[EXERCISE MATERIAL Boundary: Start]

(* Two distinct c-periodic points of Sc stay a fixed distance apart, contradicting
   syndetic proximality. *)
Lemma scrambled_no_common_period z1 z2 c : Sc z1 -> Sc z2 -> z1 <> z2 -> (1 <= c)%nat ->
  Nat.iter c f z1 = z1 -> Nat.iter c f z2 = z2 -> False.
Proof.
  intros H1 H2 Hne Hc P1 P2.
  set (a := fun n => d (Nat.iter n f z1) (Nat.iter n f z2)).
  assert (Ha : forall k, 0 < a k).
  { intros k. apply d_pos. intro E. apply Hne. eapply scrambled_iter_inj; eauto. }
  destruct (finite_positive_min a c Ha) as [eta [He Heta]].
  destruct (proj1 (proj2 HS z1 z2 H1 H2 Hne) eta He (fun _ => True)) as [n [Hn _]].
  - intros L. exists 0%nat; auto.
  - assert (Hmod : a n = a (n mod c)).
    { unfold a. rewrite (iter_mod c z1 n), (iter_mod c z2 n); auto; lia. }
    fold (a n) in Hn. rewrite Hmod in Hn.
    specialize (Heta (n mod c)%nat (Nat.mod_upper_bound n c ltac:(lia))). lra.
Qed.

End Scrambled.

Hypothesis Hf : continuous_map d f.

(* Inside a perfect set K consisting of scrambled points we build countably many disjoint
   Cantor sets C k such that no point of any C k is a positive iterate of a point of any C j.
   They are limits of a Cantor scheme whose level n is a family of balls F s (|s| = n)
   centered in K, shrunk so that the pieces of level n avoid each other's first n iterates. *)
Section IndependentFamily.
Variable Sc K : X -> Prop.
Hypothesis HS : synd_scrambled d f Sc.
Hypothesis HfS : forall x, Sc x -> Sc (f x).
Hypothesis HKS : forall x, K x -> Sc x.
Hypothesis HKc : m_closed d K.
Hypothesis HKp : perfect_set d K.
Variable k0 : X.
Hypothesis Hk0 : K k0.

[EXERCISE MATERIAL Boundary: End]
[EXERCISE MATERIAL Boundary: Start]

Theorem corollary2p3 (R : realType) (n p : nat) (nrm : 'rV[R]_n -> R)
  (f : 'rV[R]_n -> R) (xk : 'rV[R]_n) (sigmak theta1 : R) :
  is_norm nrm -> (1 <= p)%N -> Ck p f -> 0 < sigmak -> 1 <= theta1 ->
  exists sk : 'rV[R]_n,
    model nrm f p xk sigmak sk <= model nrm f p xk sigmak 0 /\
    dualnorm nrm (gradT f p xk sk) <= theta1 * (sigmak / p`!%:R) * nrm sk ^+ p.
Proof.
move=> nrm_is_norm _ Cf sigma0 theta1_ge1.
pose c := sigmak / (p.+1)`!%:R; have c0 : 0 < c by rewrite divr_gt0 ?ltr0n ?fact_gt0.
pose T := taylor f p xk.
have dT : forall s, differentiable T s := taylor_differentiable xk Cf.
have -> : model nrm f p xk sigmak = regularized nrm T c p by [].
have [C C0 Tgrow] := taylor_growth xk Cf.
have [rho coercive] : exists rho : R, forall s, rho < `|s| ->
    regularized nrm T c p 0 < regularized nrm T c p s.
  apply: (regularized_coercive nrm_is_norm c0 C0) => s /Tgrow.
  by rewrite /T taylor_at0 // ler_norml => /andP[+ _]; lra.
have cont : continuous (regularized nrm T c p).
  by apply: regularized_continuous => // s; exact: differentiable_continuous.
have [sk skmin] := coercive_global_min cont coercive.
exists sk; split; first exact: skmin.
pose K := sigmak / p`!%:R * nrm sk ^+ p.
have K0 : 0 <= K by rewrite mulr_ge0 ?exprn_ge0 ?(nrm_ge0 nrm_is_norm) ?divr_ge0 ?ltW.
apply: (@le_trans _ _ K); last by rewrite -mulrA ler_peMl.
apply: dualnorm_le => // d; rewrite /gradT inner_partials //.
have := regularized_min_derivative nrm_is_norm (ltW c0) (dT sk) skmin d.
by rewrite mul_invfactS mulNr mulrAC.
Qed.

[EXERCISE MATERIAL Boundary: End]

#### PROBLEM TO SOLVE:
Using the data above, tally each line that contains "first". Write only the total.

#### TASK RESPONSE:
2